O PT de Lula demonstrou nas últimas eleições sua capacidade de reconstrução. Os abalos com a descoberta dos casos de corrupção enfraqueceram o partido sem impedir a reeleição. E eles, obviamente, querem 2010 e 2014. Como Lula não tem herdeiros, e a tese do terceiro mandato, por enquanto, é apenas uma crítica alarmista da oposição, é preciso costurar um bom aliado para 2010 que garanta uma vitória em 2014. Por isso Lula namora com personagens como o tucano Aécio Neves, que sinaliza sua saída do PSDB caso seu desejo de candidatura à Presidência não seja satisfeito, e com Ciro Gomes, do PSB.
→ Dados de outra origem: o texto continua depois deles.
Lemma dg_ut_inj d d' x y z x' y' z' : D3 d -> D3 d' ->
  d *m ut x y z = d' *m ut x' y' z' -> d = d' /\ ut x y z = ut x' y' z'.
Proof.
move=> /D3E[i [j [k [_ _ _ ijk ->]]]] /D3E[i' [j' [k' [_ _ _ _ ->]]]] E.
have diag_eq (r : 'I_3) : [:: i; j; k]`_r = [:: i'; j'; k']`_r.
  by move/matrixP: E => /(_ r r); rewrite !dg_mulmx !mxE eqxx !mulr1.
have dd : dg i j k = dg i' j' k' by congr diag_mx; apply/rowP => r; rewrite !mxE diag_eq.
have ud : dg i j k \in unitmx by rewrite unitmxE det_dg ijk unitr1.
by split=> //; move: E; rewrite -dd; apply: (can_inj (mulKmx ud)).
Qed.

Lemma D3_U3_Gamma_uniq d d' u u' g g' : D3 d -> D3 d' -> U3 u -> U3 u' ->
  Gamma_inf3 g -> Gamma_inf3 g' -> d *m u *m g = d' *m u' *m g' -> d = d' /\ u = u'.
Proof.
have ut_of u0 g0 : U3 u0 -> Gamma_inf3 g0 -> exists x y z, u0 *m g0 = ut x y z.
  move=> /U3E[al [be [ga [_ _ _ ->]]]] /Gamma_inf3E[a [b [c [_ _ _ ->]]]].
  by rewrite ut_mul; do 3 eexists.
move=> Dd Dd' Uu Uu' Gg Gg'; rewrite -!mulmxA.
have [x [y [z Eug]]] := ut_of _ _ Uu Gg; have [x' [y' [z' Eug']]] := ut_of _ _ Uu' Gg'.
rewrite Eug Eug' => /(dg_ut_inj Dd Dd')[-> E]; split=> //.
by apply: U3_Gamma_uniq Uu Uu' Gg Gg' _; rewrite Eug Eug'.
Qed.

Lemma D3_U3_Gamma_SLO_upper3 d u g : D3 d -> U3 u -> Gamma_inf3 g ->
  SLO (d *m u *m g) /\ upper3 (d *m u *m g).
Proof.
move=> /D3E[i [j [k [Oi Oj Ok ijk ->]]]] /U3E[al [be [ga [Dal Dbe Dga ->]]]].
move=> /Gamma_inf3E[a [b [c [Oa Ob Oc ->]]]]; have O3 : inO 3 by exact: inO_nat 3.
split; last by do 2?apply: upper3M; [exact: upper3_dg | exact: upper3_ut ..].
apply: SLO_mulmx; first apply: SLO_mulmx; first exact: SLO_dg.
  by apply: SLO_ut; exact: digit3_inO.
by apply: SLO_ut; apply: inOM.
Qed.

(** * The cells *)

Definition tower (y1 y2 y3 : 'M[algC]_2) (X : 'M[algC]_3) : 'M[algC]_3 :=
  phi2 (invmx y1) *m (phi1 (invmx y2) *m (phi2 (invmx y3) *m X)).

Lemma cellE y1 y2 y3 d u A :
  cell y1 y2 y3 d u A <-> exists g, Gamma_inf3 g /\ A = tower y1 y2 y3 (d *m u *m g).
Proof. by split=> -[g [Gg ->]]; exists g; split; rewrite // /tower !mulmxA. Qed.

Lemma phi2_upper3_col0 w X : upper3 X ->
  [/\ (phi2 w *m X) o0 o0 = X o0 o0, (phi2 w *m X) o1 o0 = 0 & (phi2 w *m X) o2 o0 = 0].
Proof.
by case=> X10 X20 _; rewrite phi2_mul_r0 phi2_mul_r1 phi2_mul_r2 X10 X20 !mulr0 addr0.
Qed.

Lemma phi1_phi2_upper3_col0 z w X : upper3 X ->
  (phi1 z *m (phi2 w *m X)) o1 o0 = z p1 p0 * X o0 o0 /\
  (phi1 z *m (phi2 w *m X)) o2 o0 = 0.
Proof.
move=> uX; have [C00 C10 C20] := phi2_upper3_col0 w uX.
by rewrite phi1_mul_r1 phi1_mul_r2 C00 C10 C20 mulr0 addr0.
Qed.

Lemma invmx2_10 (y : 'M[algC]_2) : SLO y -> invmx y p1 p0 = - y p1 p0.
Proof. by case=> _ dy; rewrite invmx_mx2 // mxE. Qed.

Lemma lower_minor_tower y1 y2 y3 X : SLO y1 -> SLO y2 -> SLO y3 -> upper3 X ->
  lower_minor (tower y1 y2 y3 X) = y2 p1 p0 * y3 p1 p0 * X o0 o0 * X o1 o1.
Proof.
move=> S1 S2 S3 uX; rewrite /tower lower_minor_phi2 (SLO_invmx2 S1).2 mul1r.
have [C10 C20] := phi1_phi2_upper3_col0 (invmx y2) (invmx y3) uX.
rewrite /lower_minor C10 C20 mulr0 subr0 phi1_mul_r2 phi2_mul_r2.
by case: uX => _ _ ->; rewrite !invmx2_10 //; ring.
Qed.

Lemma SLO_tower y1 y2 y3 X :
  SLO y1 -> SLO y2 -> SLO y3 -> SLO X -> SLO (tower y1 y2 y3 X).
Proof.
move=> S1 S2 S3 SX; rewrite /tower.
by do !apply: SLO_mulmx => //;
  [apply/SLO_phi2/SLO_invmx2 | apply/SLO_phi1/SLO_invmx2 | apply/SLO_phi2/SLO_invmx2].
Qed.

Section Representatives.

Variables (Rc : algC -> Prop) (Ra : algC -> algC -> Prop).
Hypotheses (HRc : reps_units Rc) (HRa : reps_mod Rc Ra).

Lemma Rc_neq0 c : Rc c -> c != 0.
Proof. by case/(HRc.1 c). Qed.
(* Let $m\ge 2$ be an integer. If $m$ is not a power of $2$, then the $m$-element subsets of a $2m$-element set $X$ can be coloured Red and Blue so that (i) complementary $m$-sets (i.e. $A$ and $X\setminus A$) receive distinct colours, and (ii) every point of $X$ is contained in the same number of Red sets as Blue sets. If $m$ is a power of $2$, then there is a Red–Blue colouring of the $m$-subsets of $X$ satisfying (i) such that for $m/2$ of the points of $X$, the number of Red sets containing the point exceeds the number of Blue sets containing it by $3$, and for the remaining $3m/2$ points, the number of Blue sets containing the point exceeds the number of Red sets containing it by $1$. *)

From mathcomp Require Import all_boot all_order all_algebra.
Set Implicit Arguments. Unset Strict Implicit. Unset Printing Implicit Defensive.

(* A Red-Blue colouring of subsets: c A = true means A is Red, false Blue.
   Only its values on m-subsets matter. *)

Definition red_deg (X : finType) (m : nat) (c : {set X} -> bool) (x : X) : nat :=
  #|[set A : {set X} | (#|A| == m) && (x \in A) && c A]|.

Definition blue_deg (X : finType) (m : nat) (c : {set X} -> bool) (x : X) : nat :=
  #|[set A : {set X} | (#|A| == m) && (x \in A) && ~~ c A]|.

Definition antipodal (X : finType) (m : nat) (c : {set X} -> bool) : Prop :=
  forall A : {set X}, #|A| = m -> c (~: A) <> c A.

Definition is_pow2 (m : nat) : Prop := exists k : nat, m = 2 ^ k.

From mathcomp Require Import all_boot all_order all_algebra.
From mathcomp Require Import zify.
Import GRing.Theory.

Set Implicit Arguments.
Unset Strict Implicit.
Unset Printing Implicit Defensive.

(* Write m = k + 1 and identify X with [option 'I_N], N = 2k + 1.  An m-set containing
   [None] is the cone over a k-subset B of ['I_N]; colouring it like B, and every other m-set
   opposite to its complement, gives (i), and the Red sets at [Some y] then correspond to the
   k-sets B with [(y \in B) == g B].  As k is invertible modulo N, translation acts freely on
   k-sets, with C(N, k) / N orbits, and an orbit of a single colour contributes k to one side
   and k + 1 to the other at every point.  By Lucas' theorem C(N, k) is odd exactly when m is
   a power of 2.  Otherwise half of the orbits are coloured Red.  If m = 2h, one orbit, the
   translates of {0, ..., k - 1}, is left over; colouring each translate by the parity of the
   shift gives the h points [Some y] with y odd and y >= k three more Red than Blue sets, and
   every other point one more Blue than Red set. *)

Lemma odd_bin_half n k : odd 'C(n, k) = (odd k ==> odd n) && odd 'C(n./2, k./2).
Proof.
elim/ltn_ind: n k => -[|[|n]] IH [|[|k]]; rewrite ?bin0 ?bin1 ?andbT ?bin0n ?andbF //.
rewrite !binS !oddD -addbA [X in _ (+) X]addbA addbb addFb.
have half2 j : j.+2./2 = (j./2).+1 by [].
have odd2 j : odd j.+2 = odd j by rewrite /= negbK.
rewrite (IH n) // (IH n) // !half2 !odd2 -andb_addr -oddD -binS //.
Qed.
O problema é que as tendências na ponta esquerda da estrela petista atrapalham esse projeto. Elas são mais coerentes no discurso e, portanto, arredias a parcerias estratégicas. Some-se a isso o fato de que, uma vez no poder, o PT não conseguiu manter o discurso socialista. "Quando se está no governo, se governa para diferentes setores, empresários e trabalhadores, e aí começa a mudança. Ninguém ganha eleição quando focaliza um único segmento no discurso da arena eleitoral. Com essa estratégia de ganhar cargos eleitorais, o PT mudou também a estratégia programática do que eles queriam para o país", diz Maria do Socorro Sousa Braga, pesquisadora do Departamento de Ciências Políticas da Universidade de São Paulo.
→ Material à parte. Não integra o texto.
(* Let $(A,*,\odot)$ be a $\mathrm{BiCom}$-algebra and let $d$ be a linear map on $A$ which is a derivation with respect to both $*$ and $\odot$. Define $x\star y=d(x)\odot y$. Then $(A,*,\star)$ is a $\mathrm{GD}^!$-algebra.
   Context: A $\mathrm{BiCom}$-algebra is a vector space with two bilinear operations $*$ and $\odot$, each associative and commutative, satisfying $(x\odot y)*z=x\odot(y*z)$. A $\mathrm{GD}^!$-algebra is a vector space with two bilinear operations $*$ and $\star$ such that $*$ is associative and commutative, and $(x\star y)\star z-x\star(y\star z)=(x\star z)\star y-x\star(z\star y)$, $x\star(y\star z)=y\star(x\star z)$, $x\star(y*z)=(x\star y)*z$, $x\star(y*z)+y\star(x*z)=(x*y)\star z$. *)

From HB Require Import structures.
From mathcomp Require Import all_boot all_order all_algebra.
Set Implicit Arguments. Unset Strict Implicit. Unset Printing Implicit Defensive.
Import GRing.Theory.
Local Open Scope ring_scope.

Definition bilinear_op (K : fieldType) (V : lmodType K) (m : V -> V -> V) : Prop :=
  (forall a x y z, m (a *: x + y) z = a *: m x z + m y z) /\
  (forall a x y z, m x (a *: y + z) = a *: m x y + m x z).

Definition linear_map (K : fieldType) (V : lmodType K) (d : V -> V) : Prop :=
  forall a x y, d (a *: x + y) = a *: d x + d y.

Definition assoc_op (V : Type) (m : V -> V -> V) : Prop :=
  forall x y z, m (m x y) z = m x (m y z).

Definition comm_op (V : Type) (m : V -> V -> V) : Prop :=
  forall x y, m x y = m y x.

Definition BiCom_algebra (K : fieldType) (V : lmodType K)
    (mul odot : V -> V -> V) : Prop :=
  bilinear_op mul /\ bilinear_op odot /\
  assoc_op mul /\ comm_op mul /\
  assoc_op odot /\ comm_op odot /\
  (forall x y z, mul (odot x y) z = odot x (mul y z)).

Definition GDdual_algebra (K : fieldType) (V : lmodType K)
    (mul star : V -> V -> V) : Prop :=
  bilinear_op mul /\ bilinear_op star /\
  assoc_op mul /\ comm_op mul /\
  (forall x y z, star (star x y) z - star x (star y z)
                 = star (star x z) y - star x (star z y)) /\
  (forall x y z, star x (star y z) = star y (star x z)) /\
  (forall x y z, star x (mul y z) = mul (star x y) z) /\
  (forall x y z, star x (mul y z) + star y (mul x z) = star (mul x y) z).

Definition derivation (V : Type) (plus : V -> V -> V) (m : V -> V -> V) (d : V -> V) : Prop :=
  forall x y, d (m x y) = plus (m (d x) y) (m x (d y)).

From HB Require Import structures.
From mathcomp Require Import all_boot all_order all_algebra.
Local Open Scope ring_scope.
Import GRing.Theory.

(* Let (A, *, .) be a BiCom-algebra and d a linear map that is a derivation
   for both products; put x # y := d x . y.  The proof checks the axioms of a
   GD^!-algebra for (A, *, #) one at a time, each from the least structure it
   needs:
   - # is bilinear because . is bilinear and d is linear;
   - the left-symmetry x # (y # z) = y # (x # z) only uses that . is
     associative and commutative;
   - the associator identity follows from the Leibniz rule for d on ., which
     makes (x # y) # z - x # (y # z) = d d x . y . z symmetric in y and z;
   - x # (y * z) = (x # y) * z is the BiCom compatibility itself;
   - the last identity uses the Leibniz rule for d on * together with the
     exchange law (a * b) . c = a . (b * c), a consequence of the BiCom axioms
     proved first. *)

Lemma bilinear_addl (K : fieldType) (V : lmodType K) (m : V -> V -> V) :
  bilinear_op m -> forall u v z, m (u + v) z = m u z + m v z.
Proof. by move=> [ml _] u v z; have := ml 1 u v z; rewrite !scale1r. Qed.

Lemma bilinear_precomp (K : fieldType) (V : lmodType K)
    (m : V -> V -> V) (d : V -> V) :
  bilinear_op m -> linear_map d -> bilinear_op (fun x y => m (d x) y).
Proof.
move=> [ml mr] dlin; split=> a x y z /=; last exact: mr.
by rewrite dlin ml.
Qed.

Lemma bicom_exchange (V : Type) (mul odot : V -> V -> V) :
  comm_op mul -> comm_op odot ->
  (forall x y z, mul (odot x y) z = odot x (mul y z)) ->
  forall a b c, odot (mul a b) c = odot a (mul b c).
Proof.
move=> mulC odotC compat a b c.
by rewrite odotC -compat (odotC c a) compat (mulC c b).
Qed.

Lemma star_left_symmetric (V : Type) (odot : V -> V -> V) (d : V -> V) :
  assoc_op odot -> comm_op odot ->
  forall x y z, odot (d x) (odot (d y) z) = odot (d y) (odot (d x) z).
Proof. by move=> odotA odotC x y z; rewrite -!odotA (odotC (d x)). Qed.

(* Associator identity for #: by the Leibniz rule the associator
   (x # y) # z - x # (y # z) equals d d x . y . z, which is symmetric in
   y and z. *)
Lemma star_associator_symmetric (V : zmodType) (odot : V -> V -> V)
    (d : V -> V) :
  assoc_op odot -> comm_op odot ->
  (forall u v z, odot (u + v) z = odot u z + odot v z) ->
  derivation +%R odot d ->
  forall x y z,
    odot (d (odot (d x) y)) z - odot (d x) (odot (d y) z)
    = odot (d (odot (d x) z)) y - odot (d x) (odot (d z) y).
Proof.
move=> odotA odotC odotDl dodot x y z.
have associator : forall u v,
    odot (d (odot (d x) u)) v - odot (d x) (odot (d u) v)
    = odot (d (d x)) (odot u v).
  by move=> u v; rewrite dodot odotDl !odotA addrK.
by rewrite !associator (odotC y z).
Qed.

Lemma star_mul_leibniz (V : zmodType) (mul odot : V -> V -> V) (d : V -> V) :
  comm_op mul ->
  (forall u v z, odot (u + v) z = odot u z + odot v z) ->
  (forall a b c, odot (mul a b) c = odot a (mul b c)) ->
  derivation +%R mul d ->
  forall x y z,
    odot (d x) (mul y z) + odot (d y) (mul x z) = odot (d (mul x y)) z.
Proof.
move=> mulC odotDl exchange dmul x y z.
by rewrite dmul odotDl (mulC x (d y)) !exchange.
Qed.

Theorem mainTheorem4 (K : fieldType) (V : lmodType K)
    (mul odot : V -> V -> V) (d : V -> V) :
  BiCom_algebra mul odot ->
  linear_map d ->
  derivation +%R mul d ->
  derivation +%R odot d ->
  GDdual_algebra mul (fun x y => odot (d x) y).
Proof.
move=> [mulB [odotB [mulA [mulC [odotA [odotC compat]]]]]] dlin dmul dodot.
have odotDl := @bilinear_addl K V odot odotB.
have exchange := @bicom_exchange V mul odot mulC odotC compat.
split; first exact: mulB.
split; first exact: bilinear_precomp.
split; first exact: mulA.
split; first exact: mulC.
split; first exact: star_associator_symmetric.
split; first exact: star_left_symmetric.
split; first by move=> x y z; rewrite compat.
exact: star_mul_leibniz.
Qed.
Nessa guerra podem ocorrer novamente cisões, como aconteceu, por exemplo, com a "Convergência Socialista", que saiu do PT para fundar o PSTU, ou a dissidência de militantes de outras tendências para a formação do Psol. Isso não é bom para o PT porque Lula não se reelegeu só com a força do Campo Majoritário. "É uma relação de duplo serviço, o PT precisa do Lula e vice-versa. Precisa de instrumentos políticos para levar a campanha até a população, o que não se faz apenas com os publicitários", aponta Roberto Romano, cientista político da Universidade de Campinas.

Purificação

A estratégia do Campo Majoritário para limpar sua imagem e agregar a esquerda do partido será tentar se livrar dos "aloprados" – adjetivo usado pelo presidente ao classificar os petistas envolvidos na compra de um dossiê contra candidatos tucanos nas eleições de 2006 –, e ventilar uma imagem de "purificação" aos demais militantes.
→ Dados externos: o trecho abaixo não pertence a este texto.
Theorem proposition3p2 (C : numClosedFieldType) (F : finType) :
  affine_F1_with (AFgadget C F) (mpoly int #|F|).
Proof.
split; first exact: AF_finite.
split; first exact: fin_gen_mpoly.
exists (@iF F), iC; split; first exact: iF_immersion.
move=> O _ u uC u_gmorph.
have [psi psiE] := rmorph_factor (@iC_inj C _) (gmorph_integral u_gmorph).
exists psi; split; first by split=> [|o]; [exact: (gmorph_factor u_gmorph psiE) | rewrite /= psiE].
by move=> psi' [_ psi'E] o; apply: (@iC_inj C); rewrite psiE (psi'E o).
Qed.
Lemma xhat_cut (S : {set V}) : S != set0 -> S != setT ->
  2 <= \sum_(e in wheelE m.+1 | #|e :&: S| == 1%N) @xhat R m.+1 e.
Proof.
move=> S0 ST.
have [y y_sep] : exists y, (y \in S) != (ord0 \in S).
  have [r0S|r0S] := boolP (ord0 \in S).
    by have [_ [s _ sS]] := properP (etrans (properT S) ST); exists s; rewrite (negPf sS).
  by have [s sS] := set0Pn _ S0; exists s; rewrite sS.
have y_gt0 : (0 < y)%N by apply: ord_gt0; apply: contraNneq y_sep => ->.
have [z /andP [zy z_sep] | no_other] :=
  pickP (fun z => (z != y) && ((z \in S) != (ord0 \in S))).
  have z_gt0 : (0 < z)%N by apply: ord_gt0; apply: contraNneq z_sep => ->.
  apply: le_trans (xhat_sum_ge (s := [:: spoke y; spoke z]) _ _).
  - by rewrite !big_cons big_nil !xhat_spoke addr0.
  - rewrite /= inE andbT; apply: contra_neq zy => /spoke_inj; rewrite !inE.
    by move=> /(_ y_gt0 z_gt0) ->.
  - by rewrite /= !spoke_wheelE // !card_pair_setI_eq1 // eq_sym.
have sideE z : z != y -> (z \in S) = (ord0 \in S).
  by move=> zy; have /negbT := no_other z; rewrite /= zy negbK => /eqP.
have yp_gt0 := leaf_pred_gt0 y_gt0.
apply: le_trans (xhat_sum_ge (s := [:: spoke y; link y; link (leaf_pred y)]) _ _).
- by rewrite !big_cons big_nil xhat_spoke !xhat_link //; lra.
- rewrite /= !inE !negb_or !spoke_neq_link //= andbT.
  apply: contra_neq (leaf_pred_neq y_gt0) => /link_inj; rewrite !inE.
  by move=> /(_ y_gt0 yp_gt0).
- rewrite /= spoke_wheelE ?link_wheelE //= /link leaf_predK //.
  by rewrite !card_pair_setI_eq1 // ?(sideE (leaf_succ y)) ?(sideE (leaf_pred y))
    ?leaf_succ_neq ?leaf_pred_neq // eq_sym.
Qed.

Lemma xhat_node_cut (w : V) (S : {set V}) :
  S != set0 -> S \subset ~: [set w] -> S != ~: [set w] ->
  1 <= \sum_(e in wheelE m.+1 | (w \notin e) && (#|e :&: S| == 1%N)) @xhat R m.+1 e.
Proof.
move=> S0 Sw Sneqw; have [t tS] := set0Pn _ S0.
have [_ [s sw sS]] := properP (etrans (properEneq _ _) (introT andP (conj Sneqw Sw))).
have tw : t \in ~: [set w] by apply: (subsetP Sw).
have [w0 | w_neq0] := eqVneq w ord0.
  move: sw tw; rewrite w0 !inE => /ord_gt0 s_gt0 /ord_gt0 t_gt0.
  have [u1 [u2 [u1_range u2_range u12 sep1 sep2]]] :=
    @cycle_two_changes (fun k => (inord k : V) \in S) t s
      (ltac:(have := ltn_ord t; lia)) (ltac:(have := ltn_ord s; lia))
      (ltac:(by rewrite /= !inord_val tS (negPf sS))).
  have ordK u : (1 <= u <= m)%N -> (inord u : V) = u :> nat.
    by move=> ?; rewrite inordK //; lia.
  have u1_gt0 : (0 < (inord u1 : V))%N by rewrite ordK //; lia.
  have u2_gt0 : (0 < (inord u2 : V))%N by rewrite ordK //; lia.
  have succK u : (1 <= u <= m)%N -> leaf_succ (inord u) = inord (cycle_succ u).
    by move=> ?; rewrite /leaf_succ ordK.
  apply: le_trans (xhat_sum_ge (s := [:: link (inord u1); link (inord u2)]) _ _).
  - by rewrite !big_cons big_nil !xhat_link // addr0; lra.
  - rewrite /= inE andbT; apply: contra_neq u12 => /link_inj; rewrite !inE.
    by move=> /(_ u1_gt0 u2_gt0) /(congr1 (@nat_of_ord _)); rewrite !ordK.
  - by rewrite /= !link_wheelE ?center_notin_link // /link !succK // !card_pair_setI_eq1.
have [v [v_gt0 v_neqw v_sep]] :
    exists v : V, [/\ (0 < v)%N, v != w & (v \in S) != (ord0 \in S)].
  have [r0S | r0S] := boolP (ord0 \in S).
    exists s; rewrite (negPf sS); split => //; last by move: sw; rewrite !inE.
    by apply: ord_gt0; apply: contraNneq sS => ->.
  exists t; rewrite tS; split => //; last by move: tw; rewrite !inE.
  by apply: ord_gt0; apply: contraNneq r0S => <-.
apply: le_trans (xhat_sum_ge (s := [:: spoke v]) _ _) => //.
  by rewrite big_seq1 xhat_spoke.
rewrite /= spoke_wheelE // !inE negb_or w_neq0 eq_sym v_neqw.
by rewrite card_pair_setI_eq1 // eq_sym.
Qed.

Lemma xhat_feasible : setpairs_feasible (wheelE m.+1) (@xhat R m.+1).
Proof.
by split=> [e _ | S | w S]; [exact: xhat_bounds | exact: xhat_cut | exact: xhat_node_cut].
Qed.

Lemma lp_cost_xhat : lp_cost (wheelE m.+1) (@wheel_cost R m.+1) (@xhat R m.+1) = m%:R / 2.
Proof.
have linksE : link @: leaves \subset wheelE m.+1.
  by apply/subsetP => e /imsetP [i]; rewrite inE => i_gt0 ->; apply: link_wheelE.
rewrite /lp_cost (big_setID (link @: leaves)) /= (setIidPr linksE).
rewrite [X in _ + X]big1 ?addr0 => [|e /setDP [eE eL]]; last first.
  have [[i _ ->] | [i i_gt0 ei]] := wheelE_cases eE.
    by rewrite wheel_cost_spoke mul0r.
  by move: eL; rewrite ei imset_f // inE.
rewrite (eq_bigr (fun=> 2^-1)) => [|e /imsetP [i]]; last first.
  by rewrite inE => i_gt0 ->; rewrite wheel_cost_link // xhat_link // mul1r.
rewrite sumr_const card_in_imset ?card_leaves => [|i j iL jL]; last exact: link_inj.
by rewrite mulrC mulr_natr.
Qed.

End Wheel.

Theorem mainTheorem8 (R : realFieldType) (n : nat) (hn : (4 <= n)%N) :
  [/\ (forall F : {set {set 'I_n}}, F \subset wheelE n -> two_node_connected F ->
         (n%:R - 2 : R) <= cost (@wheel_cost R n) F),
      setpairs_feasible (wheelE n) (@xhat R n),
      lp_cost (wheelE n) (@wheel_cost R n) (@xhat R n) = (n%:R - 1) / 2 &
      (exists x : {set 'I_n} -> R, setpairs_feasible (wheelE n) x /\
         forall F : {set {set 'I_n}}, F \subset wheelE n -> two_node_connected F ->
           (2 - 2 / (n%:R - 1)) * lp_cost (wheelE n) (@wheel_cost R n) x
             <= cost (@wheel_cost R n) F)].
Proof.
case: n hn => [// | m]; rewrite ltnS => m_ge3.
have lpE := lp_cost_xhat m_ge3 R.
have -> : (m.+1%:R - 1 : R) = m%:R by rewrite -natr1 addrK.
split; [exact: wheel_cost_lower_bound | exact: xhat_feasible | exact: lpE | ].
exists (@xhat R m.+1); split => [|F sFE F2nc]; first exact: xhat_feasible.
have m_neq0 : (m%:R : R) != 0 by rewrite pnatr_eq0; lia.
rewrite lpE (_ : (2 - 2 / m%:R) * (m%:R / 2) = m.+1%:R - 2 :> R).
  exact: wheel_cost_lower_bound.
by rewrite -natr1; field.
Qed.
Majoritários tentarão desbancar do Diretório Nacional outros majoritários com a "ficha suja" em âmbito nacional como o atual presidente do partido, deputado federal Ricardo Berzoini, acusado de envolvimento no dossiegate. "Existe um pouco de ansiedade em alguns membros do Campo Majoritário, o que inclui Lula, para que o Berzoini saia o quanto antes e que a idéia de anistia para Dirceu não se consolide para reconquistar uma imagem ética", explica David Fleischer, professor de ciência política na Universidade de Brasília.

A vitória do deputado Arlindo Chinaglia para a presidência da Câmara dos Deputados, apoiado pelo Campo Majoritário apesar de ser da tendência "Movimento PT", avalizou a força do bloco. Mas o fato de parlamentares tanto a oposição quanto dos partidos aliados ao PT terem apresentado mais de 600 emendas na Câmara às medidas provisórias do Programa de Aceleração do Crescimento (PAC), uma verdadeira obstrução à votação do conjunto, demonstra que o partido terá de ceder ainda mais no campo externo que for necessário, principalmente na reforma ministerial para garantir a governabilidade de Lula. Resta saber se as tendências vão engolir mais essa.